I recently watched youtube https://www.youtube.com/watch?v=ZEYdsZFNOrE where Bishop Nicholas Sykes reasoned that if the Sun disappeared we wouldn't see this for 8 minutes, i.e., speed of light, but that the Earth's orbit actually depends on where it is now - not 8 minutes ago. That if it depended upon where it was 8 minutes ago "it would be slung out of orbit in short order." Can someone explain how the Earth would be "slung out of orbit in short order?" I don't understand the reasoning or mechanics of why this would happen.

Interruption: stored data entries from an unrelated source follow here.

(* Let $j\in\mathbb{N}$, $r\in\mathbb{N}_0$, and let $n=p_1^{a_1}\cdots p_t^{a_t}$ with $t\in\mathbb{N}$, distinct primes $p_1,\dots,p_t$ and $a_1,\dots,a_t\in\mathbb{N}$. Then \[\frac{c_j^{(r)}(n)}{d_{j+r}(n)}=\sum_{i=0}^{j}(-1)^i\binom{j}{i}\frac{\binom{j+r-1}{i}^t}{\prod_{k=1}^t\binom{a_k+j+r-1}{i}}={}_{t+1}F_t\big(\underbrace{1-j-r,\dots,1-j-r}_{t},\,-j;\ 1-a_1-j-r,\dots,1-a_t-j-r;\ 1\big).\] Moreover, if $r\ge 1$, \[\frac{c_j^{(r)}(n)}{d_r(n)}=\sum_{i=0}^{j}(-1)^{j-i}\binom{j}{i}\frac{\prod_{k=1}^t\binom{a_k+i+r-1}{i}}{\binom{i+r-1}{i}^t}=(-1)^j\,{}_{t+1}F_t\big(a_1+r,\dots,a_t+r,\,-j;\ \underbrace{r,\dots,r}_{t};\ 1\big).\]
   Context: For $j,n\in\mathbb{N}$, $d_j(n)$ is the number of ordered $j$-tuples of positive integers with product $n$, and $c_j(n)$ is the number of ordered $j$-tuples of integers each $\ge 2$ with product $n$. The associated divisor functions are defined by $c_j^{(0)}=c_j$ and $c_j^{(r)}(n)=\sum_{m\mid n}c_j^{(r-1)}(m)$ for $r,n\in\mathbb{N}$. The generalised hypergeometric series is ${}_{p}F_q(\alpha_1,\dots,\alpha_p;\beta_1,\dots,\beta_q;z)=\sum_{i=0}^\infty\frac{\alpha_1^{\overline i}\cdots\alpha_p^{\overline i}z^i}{\beta_1^{\overline i}\cdots\beta_q^{\overline i}\,i!}$ with rising factorial $x^{\overline i}=\prod_{l=0}^{i-1}(x+l)$, $x^{\overline 0}=1$; the series above terminate after the term $i=j$ because $(-j)^{\overline i}=0$ for $i>j$. *)

From HB Require Import structures.
From mathcomp Require Import all_boot all_order all_algebra.
Set Implicit Arguments. Unset Strict Implicit. Unset Printing Implicit Defensive.
Import Order.TTheory GRing.Theory Num.Theory.

(* d_j(n): ordered j-tuples of positive integers with product n
   (for n >= 1 every entry is <= n, so entries range over 'I_n.+1). *)
Definition dfun (j n : nat) : nat :=
  #|[set f : {ffun 'I_j -> 'I_n.+1} | [forall i, 0 < f i] && (\prod_(i < j) f i == n)]|.

Definition cfun (j n : nat) : nat :=
  #|[set f : {ffun 'I_j -> 'I_n.+1} | [forall i, 1 < f i] && (\prod_(i < j) f i == n)]|.

Fixpoint cfun_r (j r n : nat) : nat :=
  match r with
  | 0 => cfun j n
  | r'.+1 => \sum_(m <- divisors n) cfun_r j r' m
  end.

Local Open Scope ring_scope.

Definition rising (x : rat) (i : nat) : rat := \prod_(l < i) (x + l%:R).

(* N-th partial sum (terms i = 0 .. N-1) of pFq(alphas; betas; z). *)
Definition hyperF_partial (alphas betas : seq rat) (z : rat) (N : nat) : rat :=
  \sum_(i < N)
    ((\prod_(al <- alphas) rising al i) * z ^+ i)
    / ((\prod_(be <- betas) rising be i) * (i`!)%:R).

From mathcomp Require Import all_boot all_order all_algebra.
From mathcomp Require Import zify ring.
Import Order.TTheory GRing.Theory Num.Theory.
Set Implicit Arguments. Unset Strict Implicit. Unset Printing Implicit Defensive.

(* Splitting off the first factor of an ordered factorization gives the divisor
   recursions d_{m+1}(n) = sum_{x | n} d_m(x) and c_{m+1}(n) + c_m(n) = sum_{x | n} c_m(x)
   (the divisor x = n is the one whose cofactor 1 is not allowed in c).  Hence
   c_{j+1}^{(r)} = c_j^{(r+1)} - c_j^{(r)}, and induction on j gives
   c_j^{(r)} = sum_i (-1)^i C(j,i) d_{j+r-i}.  For n = prod p_k^{a_k} the divisors of n
   are the exponent vectors b <= a, so the hockey-stick identity gives
   d_m(n) = prod_k C(a_k+m-1, a_k), and every ratio d_{m+s}(n) / d_s(n) becomes a product
   of binomial ratios through C(L-i,a) C(L,i) = C(L-a,i) C(L,a).  Finally the rising
   factorials of -x and of y are i! C(x,i) (-1)^i and i! C(y+i-1,i), so the sums are the
   terminating hypergeometric series. *)

Fixpoint nfactorizations (P : pred nat) (m d : nat) : nat :=
  if m is m'.+1 then \sum_(x <- divisors d | P x) nfactorizations P m' (d %/ x)
  else d == 1.

Definition ffcons (X : Type) m (x : X) (g : {ffun 'I_m -> X}) : {ffun 'I_m.+1 -> X} :=
  [ffun i => if unlift ord0 i is Some k then g k else x].

Lemma ffcons0 (X : Type) m (x : X) (g : {ffun 'I_m -> X}) : ffcons x g ord0 = x.
Proof. by rewrite ffunE unlift_none. Qed.

Lemma ffconsS (X : Type) m (x : X) (g : {ffun 'I_m -> X}) i :
  ffcons x g (lift ord0 i) = g i.
Proof. by rewrite ffunE liftK. Qed.

Lemma big_ffunS (R : Type) (idx : R) (op : Monoid.com_law idx) (X : finType) m
    (F : {ffun 'I_m.+1 -> X} -> R) :
  \big[op/idx]_f F f = \big[op/idx]_(x : X) \big[op/idx]_(g : {ffun 'I_m -> X}) F (ffcons x g).
Proof.
rewrite pair_big (reindex (fun xg : X * {ffun 'I_m -> X} => ffcons xg.1 xg.2)) //=.
exists (fun f => (f ord0, [ffun k => f (lift ord0 k)])) => [[x g] _ | f _] /=.
  by rewrite ffcons0; congr pair; apply/ffunP => k; rewrite ffunE ffconsS.
by apply/ffunP => i; rewrite ffunE; case: unliftP => [k ->|->]; rewrite ?ffunE.
Qed.

Lemma sum_ord_divisors (P : pred nat) (G : nat -> nat) N d : 0 < d <= N ->
  \sum_(x < N.+1 | P x && (x %| d)) G x = \sum_(x <- divisors d | P x) G x.
Proof.
case/andP=> d_gt0 leNd; rewrite -(big_mkord (fun x => P x && (x %| d))).
rewrite -big_filter -[RHS]big_filter; apply/perm_big/uniq_perm.
- exact/filter_uniq/iota_uniq.
- exact/filter_uniq/divisors_uniq.
move=> x; rewrite !mem_filter mem_iota -dvdn_divisors //.
case: (P x) (boolP (x %| d)) => [[x_d|] |] //=; rewrite ?andbF //.
by have := dvdn_leq d_gt0 x_d; lia.
Qed.

Section Factorizations.
Variable P : pred nat.
Hypothesis P0 : ~~ P 0.

Lemma ffcons_factorization m N d (x : 'I_N.+1) (g : {ffun 'I_m -> 'I_N.+1}) :
  [forall i, P (ffcons x g i)] && (\prod_(i < m.+1) ffcons x g i == d)
  = [&& P x, x %| d, [forall i, P (g i)] & \prod_(i < m) g i == d %/ x].
Proof.
rewrite big_ord_recl ffcons0.
under eq_bigr => i _ do rewrite ffconsS.
have -> : [forall i, P (ffcons x g i)] = P x && [forall i, P (g i)].
  apply/forallP/andP => [Pf | [Px /forallP Pg] i].
    by split; [rewrite -(ffcons0 x g) | apply/forallP => i; rewrite -(ffconsS x g)].
  by rewrite ffunE; case: unlift.
have [Px /= | //] := boolP (P x).
have x_gt0 : 0 < x by rewrite lt0n; apply: contraNneq P0 => <-.
case: [forall i, P (g i)]; rewrite ?andbF //=.
apply/eqP/andP => [<- | [/dvdnP [q ->] /eqP ->]]; last by rewrite mulnK // mulnC.
by rewrite dvdn_mulr // mulKn.
Qed.

Lemma card_factorizations m N d : 0 < d <= N ->
  #|[set f : {ffun 'I_m -> 'I_N.+1} | [forall i, P (f i)] && (\prod_(i < m) f i == d)]|
  = nfactorizations P m d.
Proof.
elim: m d => [|m IHm] d /andP [d_gt0 leNd].
  rewrite -sum1dep_card /=.
  have P_none (f : {ffun 'I_0 -> 'I_N.+1}) : [forall i, P (f i)] by apply/forallP => [[]].
  under eq_bigl => f do rewrite big_ord0 P_none eq_sym andTb.
  case: (d == 1); last by rewrite big_pred0.
  by rewrite sum1dep_card cardsT card_ffun !card_ord.
rewrite -sum1dep_card big_mkcond big_ffunS /=.
under eq_bigr => x _ do under eq_bigr => g _ do rewrite ffcons_factorization.
rewrite -(@sum_ord_divisors _ _ N) ?d_gt0 // [RHS]big_mkcond; apply: eq_bigr => x _ /=.
case: ifP => [/andP [Px x_d] | not_Px_d]; last by rewrite big1 // => g _; rewrite andbA not_Px_d.
rewrite Px x_d -big_mkcond sum1dep_card IHm // divn_gt0 ?(dvdn_leq d_gt0) //=.
  exact: leq_trans (leq_div _ _) leNd.
by rewrite lt0n; apply: contraNneq P0 => <-.
Qed.
End Factorizations.

Lemma divisors_gt0 d x : x \in divisors d -> 0 < x.
Proof.
case: (posnP d) => [-> | d_gt0]; first by rewrite (_ : divisors 0 = [:: 1]) // inE => /eqP ->.
by rewrite -dvdn_divisors // => /dvdn_gt0; apply.
Qed.

Lemma divnK_divisors d x : 0 < d -> x \in divisors d -> d %/ (d %/ x) = x.
Proof.
by move=> d_gt0; rewrite -dvdn_divisors // => x_d; rewrite divnA // mulKn.
Qed.

Lemma big_divisors_compl (R : Type) (idx : R) (op : Monoid.com_law idx) d (F : nat -> R) :
  0 < d -> \big[op/idx]_(x <- divisors d) F (d %/ x) = \big[op/idx]_(x <- divisors d) F x.
Proof.
move=> d_gt0; rewrite -(big_map (divn d) xpredT F); apply/perm_big/uniq_perm.
- rewrite map_inj_in_uniq ?divisors_uniq // => x y x_d y_d eq_dxy.
  by rewrite -(divnK_divisors d_gt0 x_d) eq_dxy divnK_divisors.
- exact: divisors_uniq.
move=> y; apply/mapP/idP => [[x x_d ->] | y_d]; last first.
  by exists (d %/ y); rewrite ?divnK_divisors // -dvdn_divisors ?dvdn_div ?dvdn_divisors.
by rewrite -dvdn_divisors ?dvdn_div ?dvdn_divisors.
Qed.

Lemma nfactorizationsS P m d : 0 < d ->
  nfactorizations P m.+1 d = \sum_(x <- divisors d | P (d %/ x)) nfactorizations P m x.
Proof.
move=> d_gt0; rewrite /= big_mkcond [RHS]big_mkcond -[in RHS]big_divisors_compl //.
by rewrite !big_seq; apply: eq_bigr => x x_d; rewrite divnK_divisors.
Qed.

Lemma dfun_nfactorizations m d : 0 < d -> dfun m d = nfactorizations (fun x => 0 < x) m d.
Proof.
by move=> d_gt0; rewrite -(@card_factorizations (fun x => 0 < x) isT m d d) ?d_gt0 ?leqnn.
Qed.

Lemma cfun_nfactorizations m d : 0 < d -> cfun m d = nfactorizations (fun x => 1 < x) m d.
Proof.
by move=> d_gt0; rewrite -(@card_factorizations (fun x => 1 < x) isT m d d) ?d_gt0 ?leqnn.
Qed.

Lemma dfunS m d : 0 < d -> dfun m.+1 d = \sum_(x <- divisors d) dfun m x.
Proof.
move=> d_gt0; rewrite dfun_nfactorizations // nfactorizationsS // big_seq_cond [RHS]big_seq.
apply: eq_big => [x | x /andP [x_d _]]; last by rewrite dfun_nfactorizations ?(divisors_gt0 x_d).
have [x_d /= | //] := boolP (x \in divisors d).
by rewrite divn_gt0 ?(divisors_gt0 x_d) // dvdn_leq // dvdn_divisors.
Qed.

Lemma cfunS m d : 0 < d -> cfun m.+1 d + cfun m d = \sum_(x <- divisors d) cfun m x.
Proof.
move=> d_gt0; rewrite (bigD1_seq d) ?divisors_id ?divisors_uniq //= addnC; congr (_ + _).
rewrite cfun_nfactorizations // nfactorizationsS // big_seq_cond [RHS]big_seq_cond.
apply: eq_big => [x | x /andP [x_d _]]; last by rewrite cfun_nfactorizations ?(divisors_gt0 x_d).
have [x_d /= | //] := boolP (x \in divisors d).
rewrite -dvdn_divisors // in x_d.
have x_gt0 := dvdn_gt0 d_gt0 x_d.
have q_gt0 : 0 < d %/ x by rewrite divn_gt0 // dvdn_leq.
rewrite -{2}(divnK x_d) -[X in X != _]mul1n eqn_mul2r eqn0Ngt x_gt0 /=.
by case: (d %/ x) q_gt0 => [|[]].
Qed.

Lemma cfun_r0 r d : 0 < d -> cfun_r 0 r d = dfun r d.
Proof.
elim: r d => [|r IHr] d d_gt0; first by rewrite /= cfun_nfactorizations // dfun_nfactorizations.
rewrite /= dfunS // !big_seq; apply: eq_bigr => x x_d.
by rewrite IHr ?(divisors_gt0 x_d).
Qed.

Section CfunRing.
Variable R : pzRingType.
Local Open Scope ring_scope.

Lemma cfun_rS j r d : (0 < d)%N ->
  (cfun_r j.+1 r d)%:R = (cfun_r j r.+1 d)%:R - (cfun_r j r d)%:R :> R.
Proof.
elim: r d => [|r IHr] d d_gt0; first by rewrite /= -cfunS // natrD addrK.
rewrite /= !natr_sum -sumrB !big_seq; apply: eq_bigr => x x_d.
by rewrite IHr ?(divisors_gt0 x_d).
Qed.

Lemma cfun_r_dfun j r d : (0 < d)%N ->
  (cfun_r j r d)%:R = \sum_(i < j.+1) (-1) ^+ i * 'C(j, i)%:R * (dfun (j + r - i) d)%:R :> R.
Proof.
move=> d_gt0; elim: j r => [|j IHj] r.
  by rewrite big_ord1 /= cfun_r0 // expr0 !mul1r subn0.
rewrite cfun_rS // !IHj [in RHS]big_ord_recl [in X in X - _ = _]big_ord_recl.
rewrite !expr0 !bin0 !mul1r !subn0 addnS addSn -addrA; congr (_ + _).
under [in RHS]eq_bigr => i _ do rewrite lift0 binS natrD mulrDr mulrDl.
rewrite big_split /=; congr (_ + _).
  rewrite [in RHS]big_ord_recr /= bin_small // mulr0 mul0r addr0.
  by apply: eq_bigr.
rewrite -sumrN; apply: eq_bigr => i _.
by rewrite subSS exprS mulN1r !mulNr.
Qed.

End CfunRing.

Lemma logn_prod (I : Type) (r : seq I) (P : pred I) (F : I -> nat) q :
    (forall i, P i -> 0 < F i) ->
  logn q (\prod_(i <- r | P i) F i) = \sum_(i <- r | P i) logn q (F i).
Proof.
move=> F_gt0; elim: r => [|i r IHr]; first by rewrite !big_nil logn1.
rewrite !big_cons; case: ifP => // Pi.
by rewrite lognM ?IHr ?F_gt0 // prodn_cond_gt0.
Qed.
(* For any two Mori fiber primitive generating sets $A_{\mathrm f}\subset A$ and $A'_{\mathrm f}\subset A'$ in $N_{\mathbb{R}}$, there exists a finite sequence of elementary links connecting them.
   Context: $N\simeq\mathbb{Z}^d$, $N_{\mathbb{R}}=N\otimes\mathbb{R}$. A primitive generating set of a real vector space spanned by a lattice is a finite set of primitive lattice points whose nonnegative linear combinations give the whole space. A reduction $B\supset B'$: inclusion of primitive generating sets of the same space with $|B|=|B'|+1$. A fiber structure $A_{\mathrm f}\subset A$ ($A$ a primitive generating set): $A_{\mathrm f}\ne\emptyset$ is a primitive generating set of its linear span $L$ (lattice $N\cap L$) and $A_{\mathrm f}=L\cap A$; base $A_{\mathrm b}=\{\bar\pi(v):v\in A\setminus A_{\mathrm f}\}$ where $\pi:N\to N/(N\cap L)$ and $\bar\pi(v)$ is the primitive generator of $\mathbb{R}_{\ge0}\pi(v)$. Irreducible: $|A|=|A_{\mathrm f}|+|A_{\mathrm b}|$. Mori fiber structure (written $A_{\mathrm f}\subset_m A$): irreducible with $|A_{\mathrm f}|=\dim L+1$; such a pair is a Mori fiber primitive generating set. An elementary link between $A_{\mathrm f}\subset_m A$ and $A'_{\mathrm f}\subset_m A'$ is one of the following, or the same with the two pairs exchanged: (trivial) $A=A'$, $A_{\mathrm f}=A'_{\mathrm f}$; (I$_{\mathrm d}$) $A\supset A'$ a reduction, $A_{\mathrm f}=A'_{\mathrm f}$; (I$_{\mathrm m}$) a fiber structure $A''_{\mathrm f}\subset A''$ with $A''=A$, $A_{\mathrm f}\subset_m A''_{\mathrm f}$, $A''\supset A'$ and $A''_{\mathrm f}\supset A'_{\mathrm f}$ reductions; (II$_{\mathrm{irr}}$) a fiber structure $A''_{\mathrm f}\subset A''$ with $A''\supset A$, $A''\supset A'$, $A''_{\mathrm f}\supset A_{\mathrm f}$, $A''_{\mathrm f}\supset A'_{\mathrm f}$ all reductions; (II$_{\mathrm{ni}}$) a fiber structure $A''_{\mathrm f}\subset A''$ with $A''\supset A$, $A''\supset A'$ reductions and $A_{\mathrm f}=A''_{\mathrm f}=A'_{\mathrm f}$; (IV$_{\mathrm m}$) a fiber structure $A''_{\mathrm f}\subset A''$ with $A=A''=A'$, $A_{\mathrm f}\subset_m A''_{\mathrm f}$ and $A'_{\mathrm f}\subset_m A''_{\mathrm f}$. A sequence of elementary links connecting two Mori fiber primitive generating sets is a chain of Mori fiber primitive generating sets from one to the other in which consecutive members are related by an elementary link. *)

From HB Require Import structures.
From mathcomp Require Import all_boot all_order all_algebra finmap.
From mathcomp Require Import boolp reals.
Set Implicit Arguments. Unset Strict Implicit. Unset Printing Implicit Defensive.
Import Order.TTheory GRing.Theory Num.Theory.
Local Open Scope ring_scope.
Local Open Scope fset_scope.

If there are other arguments and evidences of gravity being (much) faster than light, I'd definitely appreciate hearing about it or being pointed to a link. (I realize this subject has been covered here, but I seem to be just finding pieces in other threads. Could be too I am lazy. I call it efficient!)

Thanks.

[upriver]

I like to refer to Tom Van Flanderns page to start with.

https://web.archive.org/web/20120428223 ... ravity.asp

[Muskie]

Whoa! Thank you!

[D_Archer]

Basically EU says that there is 'longitudinal force', whatever the medium this force is transmitted in (ether, or photons) it is faster than a transverse wave.

Regards,
Daniel

[jacmac]

The explanations and discussions about the "SPEED OF GRAVITY" all seem to have the basic notion that gravity is pulsed. The pulse is a quickly repeating question of "where are you now?" It is Like those old cell phone commercials where the man takes a few steps and says again "can you hear me now ?" And because of the needs of the physics, the eight minute delay from sun to earth notwithstanding, the gravity pulse is said to be instantaneous.

I think there is something else going on. With a body in orbit about another, there is an ongoing relationship, almost as if each KNOWS where the other is in an ongoing manner. How to describe this in physics terms is instant action at a distance no doubt, but leave me wondering...

The instant action at a distance, bending of space time, longitude waves etc. all seem to be a scientific way of saying, WE DON'T KNOW.

Jack

[upriver]

There are longitudinal forces in water, pressure waves. They dont go FTL.

"Emanuele Fiandrini · INFN - Istituto Nazionale di Fisica Nucleare
The correct answer to ask is: which are the medium properties that allow for a transverse and longitudinal wave propagation?
The answer is that when a perturbation displaces a medium element from its equilibrium position, there must be a force in the medium that brings back the element to the original equilibrium position.
Now, for the longitudinal waves the force is the pressure force: when you try to compress a body, pressure opposes to compression and tends to bring back the body at its original; for tranverse waves, you need to have a shear force that restores the original position.
By definition, a fluid is a medium that does not oppose resistance to shear forces, but only to rate of shear deformation, that is if you try to deform a fluid element you dont get any elastic restoring shear force, that is proportional to the deformation, but only a resistance to how much rapidly the element is deformed, that is a force proportional to the speed gradient, the proportionality coeff is the viscosity. In solids, instead, if you try to deform an element of the body, shear forces will tend to restore its original form, that is there is an elastic (in the limit of small deformations) shear stress opposes to deformations (it's the generalization of hooke's law). That's why you may have transverse waves in solids but not in fluids.
A different case are the surface waves, like sea waves."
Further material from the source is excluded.